Multi-State Write (MSW): multiple parallel memory states are maintained, allowing different states to carry different information types and reducing overwriting within a single state.

What The Experiments Show

δ-mem benchmark results table — δ-mem improves memory-heavy and general benchmarks over the frozen Qwen3-4B-Instruct backbone and memory baselines.

Experimental results show that δ-mem delivers consistent gains across memory-heavy and general capability benchmarks. On the Qwen3-4B-Instruct backbone, the TSW version improves the overall average score from 46.79% to 51.66%, a gain of 4.87 percentage points over the frozen backbone. Compared with Context2LoRA, the strongest non-δ-mem memory baseline in the reported results, δ-mem improves performance by 6.76 percentage points.

The gains are especially visible on memory-intensive evaluations. On MemoryAgentBench, δ-mem increases the average score from 29.54% to a maximum of 38.85%. On LoCoMo, MSW reaches the highest score of 49.12%. On HotpotQA, TSW improves EM/F1 from 42.35% / 56.00% to 49.41% / 63.66%.

These results suggest that the improvement does not simply come from adding more parameters. It comes from a memory organization mechanism better suited to long-term interaction: compressing history into a fixed-size online state and letting that state influence reasoning through attention corrections.

Does The State Really Store Useful History?

δ-mem no-context recovery results — In no-context recovery, δ-mem can recover part of the task-relevant signal from its compressed online state.

The paper also introduces a no-context recovery experiment. In this setting, the original historical context is removed, and the model can rely only on the compressed memory state to answer questions.

The results show that δ-mem still significantly outperforms the no-context baseline on HotpotQA and LoCoMo. For example, on HotpotQA, overall EM improves from 0.08% to 6.48%, and overall F1 improves from 8.27% to 15.20%. This indicates that even when the explicit context is no longer available, the online state can still recover part of the task-relevant historical signal.

Why It Is Lightweight

From an efficiency perspective, δ-mem is deliberately small. In the main experiments, SSW and TSW introduce only 4.87M trainable parameters, about 0.12% of the Qwen3-4B backbone. The multi-state MSW version uses 19.47M parameters, about 0.48%.

Inference efficiency experiments further show that δ-mem memory usage is close to the base model, suggesting that the small recurrent state introduces little memory burden. Decoding can be slightly slower because the state must be updated, but the mechanism remains substantially lighter than heavier memory modules.

Why This Matters

δ-mem offers a different design paradigm for LLM memory. Memory does not have to be text, an external database, or a static parameter update. It can be a small online state that evolves dynamically with interaction and directly modulates Transformer attention through a low-rank interface.

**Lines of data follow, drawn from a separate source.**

(* Let $\mathcal{A}=\mathcal{R}*_K\mathcal{S}*_L\mathcal{T}\in\mathbb{C}^{I_1\times\cdots\times I_N\times J_1\times\cdots\times J_M}$, where $\mathcal{R}\in\mathbb{C}^{I_1\times\cdots\times I_N\times H_1\times\cdots\times H_K}$, $\mathcal{S}\in\mathbb{C}^{H_1\times\cdots\times H_K\times G_1\times\cdots\times G_L}$ and $\mathcal{T}\in\mathbb{C}^{G_1\times\cdots\times G_L\times J_1\times\cdots\times J_M}$, and write $\mathcal{Z}=\mathcal{T}^{\dagger}*_L\mathcal{S}^{\dagger}*_K\mathcal{R}^{\dagger}$. Then $\mathcal{A}^{\dagger}=\mathcal{Z}$ if and only if all of the following hold: (i) $\mathcal{R}^{\dagger}*_N\mathcal{A}*_M\mathcal{Z}*_N\mathcal{A}*_M\mathcal{T}^{\dagger}=\mathcal{R}^{\dagger}*_N\mathcal{A}*_M\mathcal{T}^{\dagger}$; (ii) $\mathcal{T}*_M\mathcal{Z}*_N\mathcal{A}*_M\mathcal{Z}*_N\mathcal{R}=\mathcal{T}*_M\mathcal{Z}*_N\mathcal{R}$; (iii) $[\mathcal{R}^H*_N\mathcal{A}*_M\mathcal{Z}*_N\mathcal{R}]^H=\mathcal{R}^H*_N\mathcal{A}*_M\mathcal{Z}*_N\mathcal{R}$; (iv) $[\mathcal{T}*_M\mathcal{Z}*_N\mathcal{A}*_M\mathcal{T}^H]^H=\mathcal{T}*_M\mathcal{Z}*_N\mathcal{A}*_M\mathcal{T}^H$.
   Context: $\mathbb{C}^{I_1\times\cdots\times I_N}$ denotes the set of complex tensors of order $N$ and dimension $I_1\times\cdots\times I_N$. For $\mathcal{A}\in\mathbb{C}^{I_1\times\cdots\times I_N\times K_1\times\cdots\times K_N}$ and $\mathcal{B}\in\mathbb{C}^{K_1\times\cdots\times K_N\times J_1\times\cdots\times J_M}$, the Einstein product $\mathcal{A}*_N\mathcal{B}$ is defined by $(\mathcal{A}*_N\mathcal{B})_{i_1\dots i_N j_1\dots j_M}=\sum_{k_1,\dots,k_N}a_{i_1\dots i_N k_1\dots k_N}b_{k_1\dots k_N j_1\dots j_M}$; it is associative. For $\mathcal{A}\in\mathbb{C}^{I_1\times\cdots\times I_N\times J_1\times\cdots\times J_M}$, $\mathcal{A}^H\in\mathbb{C}^{J_1\times\cdots\times J_M\times I_1\times\cdots\times I_N}$ has entries $(\mathcal{A}^H)_{j_1\dots j_M i_1\dots i_N}=\overline{a_{i_1\dots i_N j_1\dots j_M}}$, and the Moore–Penrose inverse $\mathcal{A}^{\dagger}$ is the unique $\mathcal{X}\in\mathbb{C}^{J_1\times\cdots\times J_M\times I_1\times\cdots\times I_N}$ with $\mathcal{A}*_M\mathcal{X}*_N\mathcal{A}=\mathcal{A}$, $\mathcal{X}*_N\mathcal{A}*_M\mathcal{X}=\mathcal{X}$, $(\mathcal{A}*_M\mathcal{X})^H=\mathcal{A}*_M\mathcal{X}$, $(\mathcal{X}*_N\mathcal{A})^H=\mathcal{X}*_N\mathcal{A}$. *)

From HB Require Import structures.
From mathcomp Require Import all_boot all_order all_algebra.
From mathcomp Require Import complex.
From mathcomp Require Import reals.
From Stdlib Require Import ClassicalEpsilon.
Set Implicit Arguments. Unset Strict Implicit. Unset Printing Implicit Defensive.
Import Order.TTheory GRing.Theory Num.Theory.
Local Open Scope ring_scope.

(* Multi-indices (i_1,...,i_n) with i_k < d k : the index set of
   I_1 x ... x I_n when d k = I_(k+1). *)
Definition idx (n : nat) (d : 'I_n -> nat) : finType :=
  {dffun forall k : 'I_n, 'I_(d k)}.

(* A tensor in C^{I_1 x..x I_N x J_1 x..x J_M}, indexed by pairs
   (i, j) of a multi-index i of the first N modes and j of the last M. *)
Definition tensor (C : Type) (I J : finType) := {ffun I * J -> C}.

Section Tensors.
Variable R : realType.
Notation C := (R[i]).

Definition einstein (I K J : finType) (A : tensor C I K) (B : tensor C K J)
  : tensor C I J := [ffun p => \sum_(k : K) A (p.1, k) * B (k, p.2)].

Definition ctr (I J : finType) (A : tensor C I J) : tensor C J I :=
  [ffun p => (A (p.2, p.1))^*].

Definition is_MP (I J : finType) (A : tensor C I J) (X : tensor C J I) : Prop :=
  [/\ einstein (einstein A X) A = A,
      einstein (einstein X A) X = X,
      ctr (einstein A X) = einstein A X
    & ctr (einstein X A) = einstein X A].

(* The Moore-Penrose inverse: the (unique, existing) X satisfying the
   Penrose equations, selected by Hilbert's epsilon. *)
Definition mpinv (I J : finType) (A : tensor C I J) : tensor C J I :=
  epsilon (inhabits [ffun=> 0]) (is_MP A).
End Tensors.

Arguments einstein {R I K J}.
Arguments ctr {R I J}.
Arguments mpinv {R I J}.

(* (i)-(iv) are the four Penrose equations for (A, Z), multiplied on the
   outside by R†, T† (for the first two) or by R^H, T^H (for the last two).
   Nothing is lost in doing so: R R† and T† T are hermitian idempotents with
   R R† A = A = A T† T and T† T Z = Z = Z R R†, so multiplying back by R, T
   (resp. by R†^H, T†^H) restores the original equation.  Since mpinv is
   defined by choice, one also needs that the Moore-Penrose inverse exists
   and is unique: a {1}-inverse comes from matrices via pinvmx, G A^H is a
   {1,3}-inverse of A for any {1}-inverse G of A^H A, and V A Y is the
   Moore-Penrose inverse when V is a {1,4}- and Y a {1,3}-inverse of A. *)

From mathcomp Require Import all_boot all_order all_algebra.
From mathcomp Require Import complex reals.
From Stdlib Require Import ClassicalEpsilon.
Set Implicit Arguments. Unset Strict Implicit. Unset Printing Implicit Defensive.
Import GRing.Theory Num.Theory.
Local Open Scope ring_scope.

Local Notation "A *e B" := (einstein A B) (at level 40, left associativity).

Section EinsteinProduct.
Variable R : realType.
Local Notation C := R[i].
Implicit Types I J K L : finType.

Lemma einsteinA I K L J (A : tensor C I K) (B : tensor C K L)
    (D : tensor C L J) :
  A *e (B *e D) = A *e B *e D.
Proof.
apply/ffunP=> p; rewrite !ffunE /=.
under eq_bigr do rewrite ffunE /= big_distrr /=.
rewrite exchange_big /=; apply: eq_bigr => l _.
by rewrite ffunE /= big_distrl /=; apply: eq_bigr => k _; rewrite mulrA.
Qed.

Lemma einsteinBl I K J (A B : tensor C I K) (D : tensor C K J) :
  (A - B) *e D = A *e D - B *e D.
Proof.
apply/ffunP=> p; rewrite !ffunE -sumrB; apply: eq_bigr => k _.
by rewrite !ffunE mulrBl.
Qed.

Lemma einsteinBr I K J (A : tensor C I K) (B D : tensor C K J) :
  A *e (B - D) = A *e B - A *e D.
Proof.
apply/ffunP=> p; rewrite !ffunE -sumrB; apply: eq_bigr => k _.
by rewrite !ffunE mulrBr.
Qed.

Lemma ctrK I J (A : tensor C I J) : ctr (ctr A) = A.
Proof. by apply/ffunP=> -[i j]; rewrite !ffunE conjCK. Qed.

Lemma ctrB I J (A B : tensor C I J) : ctr (A - B) = ctr A - ctr B.
Proof. by apply/ffunP=> -[i j]; rewrite !ffunE rmorphB. Qed.

Lemma ctr_einstein I K J (A : tensor C I K) (B : tensor C K J) :
  ctr (A *e B) = ctr B *e ctr A.
Proof.
apply/ffunP=> -[j i]; rewrite !ffunE /= rmorph_sum; apply: eq_bigr => k _.
by rewrite !ffunE /= rmorphM mulrC.
Qed.

Lemma einstein_ctr_eq0 I J (X : tensor C I J) : X *e ctr X = 0 -> X = 0.
Proof.
move=> XX0; apply/ffunP=> -[i j]; rewrite ffunE.
have /eqP := congr1 (fun F : tensor C I I => F (i, i)) XX0.
rewrite /= !ffunE /= psumr_eq0 => [/allP/(_ j (mem_index_enum _))|k _].
  by rewrite ffunE /= mul_conjC_eq0 => /eqP.
by rewrite ffunE /= mul_conjC_ge0.
Qed.

(* The hypothesis makes (P A^H - A^H) (P A^H - A^H)^H vanish. *)
Lemma einstein_ctr_cancel I J (A : tensor C I J) (P : tensor C J J) :
  P *e ctr A *e A = ctr A *e A -> P *e ctr A = ctr A.
Proof.
move=> PAA; apply/eqP; rewrite -subr_eq0; apply/eqP; apply: einstein_ctr_eq0.
by rewrite ctrB ctr_einstein ctrK einsteinBl !einsteinBr !einsteinA PAA subrr.
Qed.

Lemma hermitian_congr I J (W : tensor C I I) (U : tensor C I J) :
  ctr W = W -> ctr (ctr U *e W *e U) = ctr U *e W *e U.
Proof. by move=> hW; rewrite !ctr_einstein ctrK hW einsteinA. Qed.

Lemma einstein_sandwich_eq I J K L (U : tensor C K I) (U' : tensor C I K)
    (V : tensor C J L) (V' : tensor C L J) (X Y : tensor C I J) :
  U' *e U *e X = X -> U' *e U *e Y = Y ->
  X *e (V *e V') = X -> Y *e (V *e V') = Y ->
  U *e X *e V = U *e Y *e V <-> X = Y.
Proof.
move=> UX UY XV YV; split=> [UXV_UYV|-> //].
by rewrite -UX -XV -UY -YV !einsteinA -!(einsteinA U') UXV_UYV.
Qed.

Lemma hermitian_sandwich_iff I K (U : tensor C I K) (U' : tensor C K I)
    (W : tensor C I I) :
  ctr (U *e U') = U *e U' -> U *e U' *e W = W -> W *e (U *e U') = W ->
  ctr W = W <-> ctr (ctr U *e W *e U) = ctr U *e W *e U.
Proof.
move=> hUU' UW WU; split; first exact: hermitian_congr.
move=> /(hermitian_congr U').
suff -> : ctr U' *e (ctr U *e W *e U) *e U' = W by [].
by rewrite !einsteinA -ctr_einstein hUU' UW -einsteinA WU.
Qed.

End EinsteinProduct.

Section MatrixTransport.
Variable R : realType.
Local Notation C := R[i].
Implicit Types I J K : finType.

Definition mx_of_tensor I J (A : tensor C I J) : 'M[C]_(#|I|, #|J|) :=
  \matrix_(i, j) A (enum_val i, enum_val j).

Definition tensor_of_mx I J (M : 'M[C]_(#|I|, #|J|)) : tensor C I J :=
  [ffun p => M (enum_rank p.1) (enum_rank p.2)].

Lemma mx_of_tensorK I J : cancel (@mx_of_tensor I J) (@tensor_of_mx I J).
Proof. by move=> A; apply/ffunP=> -[i j]; rewrite !ffunE mxE /= !enum_rankK. Qed.

Lemma tensor_of_mxK I J : cancel (@tensor_of_mx I J) (@mx_of_tensor I J).
Proof. by move=> M; apply/matrixP=> i j; rewrite mxE ffunE /= !enum_valK. Qed.

Lemma mx_of_einstein I K J (A : tensor C I K) (B : tensor C K J) :
  mx_of_tensor (A *e B) = mx_of_tensor A *m mx_of_tensor B.
Proof.
apply/matrixP=> i j; rewrite !mxE ffunE /=.
under [RHS]eq_bigr do rewrite !mxE.
by rewrite -(big_enum_val (A := K)
               (fun k => A (enum_val i, k) * B (k, enum_val j))).
Qed.

Lemma ginv_exists I J (A : tensor C I J) :
  exists G : tensor C J I, A *e G *e A = A.
Proof.
exists (tensor_of_mx (pinvmx (mx_of_tensor A))).
apply: (can_inj (@mx_of_tensorK I J)).
by rewrite !mx_of_einstein tensor_of_mxK mulmxKpV.
Qed.

End MatrixTransport.

Section MoorePenrose.
Variable R : realType.
Local Notation C := R[i].
Implicit Types I J : finType.

Lemma ginv_ctr_mul_cancel I J (A : tensor C I J) (G : tensor C J J) :
  ctr A *e A *e G *e (ctr A *e A) = ctr A *e A ->
  ctr A *e A *e G *e ctr A = ctr A.
Proof. by move=> hG; apply: einstein_ctr_cancel; rewrite -einsteinA. Qed.

Lemma inv13_exists I J (A : tensor C I J) :
  exists Y : tensor C J I, A *e Y *e A = A /\ ctr (A *e Y) = A *e Y.
Proof.
have [G hG] := ginv_exists (ctr A *e A).
have hGH : ctr A *e A *e ctr G *e (ctr A *e A) = ctr A *e A.
  by have := congr1 ctr hG; rewrite !ctr_einstein ctrK -!einsteinA.
have AGA : A *e G *e ctr A *e A = A.
  have := congr1 ctr (ginv_ctr_mul_cancel hGH).
  by rewrite !ctr_einstein !ctrK !einsteinA.
exists (G *e ctr A); rewrite !einsteinA AGA; split=> //.
have <- : A *e G *e (ctr A *e A *e ctr G *e ctr A) = A *e G *e ctr A.
  by rewrite ginv_ctr_mul_cancel.
by rewrite !ctr_einstein !ctrK !einsteinA AGA.
Qed.

Lemma inv14_exists I J (A : tensor C I J) :
  exists V : tensor C J I, A *e V *e A = A /\ ctr (V *e A) = V *e A.
Proof.
have [W [AWA hAW]] := inv13_exists (ctr A).
exists (ctr W); split.
  by have := congr1 ctr AWA; rewrite !ctr_einstein !ctrK einsteinA.
by rewrite ctr_einstein ctrK -{1}hAW ctr_einstein ctrK.
Qed.

Lemma is_MP_exists I J (A : tensor C I J) : exists X, is_MP A X.
Proof.
have [Y [AYA hAY]] := inv13_exists A.
have [V [AVA hVA]] := inv14_exists A.
have AVAY : A *e (V *e A *e Y) = A *e Y by rewrite !einsteinA AVA.
have VAYA : V *e A *e Y *e A = V *e A.
  by rewrite -!einsteinA [A *e (Y *e A)]einsteinA AYA.
exists (V *e A *e Y); split.
- by rewrite AVAY AYA.
- by rewrite VAYA -einsteinA AVAY -einsteinA.
- by rewrite AVAY.
- by rewrite VAYA.
Qed.

Lemma mpinvP I J (A : tensor C I J) : is_MP A (mpinv A).
Proof. exact: epsilon_spec (is_MP_exists A). Qed.

(* X = X (A X)^H = X X^H A^H Y^H A^H = X (A X)^H (A Y)^H = X A X A Y. *)
Lemma inv23_inv13_eq I J (A : tensor C I J) (X Y : tensor C J I) :
  X *e A *e X = X -> ctr (A *e X) = A *e X ->
  A *e Y *e A = A -> ctr (A *e Y) = A *e Y ->
  X = X *e A *e Y.
Proof.
move=> XAX hAX AYA hAY.
transitivity (X *e ctr (A *e Y *e A *e X)); first by rewrite AYA hAX einsteinA XAX.
transitivity (X *e (ctr (A *e X) *e ctr (A *e Y))).
  by rewrite !ctr_einstein !einsteinA.
by rewrite hAX hAY !einsteinA XAX.
Qed.

Lemma is_MP_ctr I J (A : tensor C I J) (X : tensor C J I) :
  is_MP A X -> is_MP (ctr A) (ctr X).
Proof.
move=> [AXA XAX hAX hXA]; split.
- by rewrite -!ctr_einstein einsteinA AXA.
- by rewrite -!ctr_einstein einsteinA XAX.
- by rewrite -ctr_einstein hXA.
- by rewrite -ctr_einstein hAX.
Qed.

Lemma is_MP_uniq I J (A : tensor C I J) (X Y : tensor C J I) :
  is_MP A X -> is_MP A Y -> X = Y.
Proof.
move=> hX hY; have [_ XAX hAX _] := hX; have [AYA _ hAY _] := hY.
have [_ YAYH hAYH _] := is_MP_ctr hY; have [AXAH _ hAXH _] := is_MP_ctr hX.
have := inv23_inv13_eq YAYH hAYH AXAH hAXH.
rewrite -!ctr_einstein einsteinA => /(congr1 ctr); rewrite !ctrK => ->.
exact: inv23_inv13_eq.
Qed.

Lemma mpinv_eqP I J (A : tensor C I J) (X : tensor C J I) :
  mpinv A = X <-> is_MP A X.
Proof. by split=> [<-|/(is_MP_uniq (mpinvP A))]; first exact: mpinvP. Qed.

End MoorePenrose.

Section ReverseOrderLaw.
Variables (R : realType) (I K L J : finType).
Local Notation C := R[i].
Variables (RR : tensor C I K) (Rp : tensor C K I).
Variables (T : tensor C L J) (Tp : tensor C J L).
Variables (A : tensor C I J) (Z : tensor C J I).
Hypotheses (hR : ctr (RR *e Rp) = RR *e Rp) (hT : ctr (Tp *e T) = Tp *e T).
Hypotheses (RA : RR *e Rp *e A = A) (AT : A *e (Tp *e T) = A).
Hypotheses (TZ : Tp *e T *e Z = Z) (ZR : Z *e (RR *e Rp) = Z).

Lemma is_MP_reverse_orderP :
  is_MP A Z <->
  [/\ Rp *e A *e Z *e A *e Tp = Rp *e A *e Tp,
      T *e Z *e A *e Z *e RR = T *e Z *e RR,
      ctr (ctr RR *e A *e Z *e RR) = ctr RR *e A *e Z *e RR
    & ctr (T *e Z *e A *e ctr T) = T *e Z *e A *e ctr T].
Proof.
have E1 : Rp *e (A *e Z *e A) *e Tp = Rp *e A *e Tp <-> A *e Z *e A = A.
  apply: (einstein_sandwich_eq (U' := RR) (V' := T)) => //.
  - by rewrite !einsteinA RA.
  - by rewrite -einsteinA AT.
have E2 : T *e (Z *e A *e Z) *e RR = T *e Z *e RR <-> Z *e A *e Z = Z.
  apply: (einstein_sandwich_eq (U' := Tp) (V' := Rp)) => //.
  - by rewrite !einsteinA TZ.
  - by rewrite -einsteinA ZR.
have E3 : ctr (A *e Z) = A *e Z <->
          ctr (ctr RR *e (A *e Z) *e RR) = ctr RR *e (A *e Z) *e RR.
  apply: (hermitian_sandwich_iff (U' := Rp)) => //.
  - by rewrite einsteinA RA.
  - by rewrite -einsteinA ZR.
have TTp : ctr T *e ctr Tp = Tp *e T by rewrite -ctr_einstein hT.
have E4 : ctr (Z *e A) = Z *e A <->
          ctr (ctr (ctr T) *e (Z *e A) *e ctr T)
            = ctr (ctr T) *e (Z *e A) *e ctr T.
  apply: (hermitian_sandwich_iff (U' := ctr Tp)); rewrite TTp //.
  - by rewrite einsteinA TZ.
  - by rewrite -einsteinA AT.
rewrite !einsteinA in E1 E2 E3; rewrite ctrK !einsteinA in E4.
by split=> -[/E1 ? /E2 ? /E3 ? /E4 ?].
Qed.

End ReverseOrderLaw.

Theorem theorem4p1 (R : realType)
  (N M K L : nat)
  (dI : 'I_N -> nat) (dJ : 'I_M -> nat) (dH : 'I_K -> nat) (dG : 'I_L -> nat)
  (RR : tensor R[i] (idx dI) (idx dH))
  (S : tensor R[i] (idx dH) (idx dG))
  (T : tensor R[i] (idx dG) (idx dJ)) :
  let A := einstein (einstein RR S) T in
  let Z := einstein (einstein (mpinv T) (mpinv S)) (mpinv RR) in
  mpinv A = Z <->
  [/\ einstein (einstein (einstein (einstein (mpinv RR) A) Z) A) (mpinv T)
        = einstein (einstein (mpinv RR) A) (mpinv T),
      einstein (einstein (einstein (einstein T Z) A) Z) RR
        = einstein (einstein T Z) RR,
      ctr (einstein (einstein (einstein (ctr RR) A) Z) RR)
        = einstein (einstein (einstein (ctr RR) A) Z) RR
    & ctr (einstein (einstein (einstein T Z) A) (ctr T))
        = einstein (einstein (einstein T Z) A) (ctr T)].
Proof.
move=> A Z.
have [RRpRR RpRRRp hR _] := mpinvP RR.
have [TTpT TpTTp _ hT] := mpinvP T.
apply: iff_trans (mpinv_eqP _ _) (is_MP_reverse_orderP hR hT _ _ _ _).
- by rewrite /A !einsteinA RRpRR.
- by rewrite /A -!einsteinA [T *e _]einsteinA TTpT.
- by rewrite /Z !einsteinA TpTTp.
- by rewrite /Z -!einsteinA [mpinv RR *e _]einsteinA RpRRRp.
Qed.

This design is especially relevant for long-term assistants and agent systems. Assistants need to remember user preferences, task backgrounds, and interaction history. Agents need to track progress, environmental feedback, and previous decisions. Complex QA systems need to reuse past evidence when answering current questions.

The core contribution of δ-mem is therefore not merely a new adapter. It rethinks the interface for LLM memory: how memory should be stored, how it should be updated, and how it should enter the reasoning process.

By directly coupling a compact online state with attention computation, δ-mem points toward LLMs with more efficient, dynamic, and long-term-interaction-oriented memory capabilities while keeping the backbone frozen.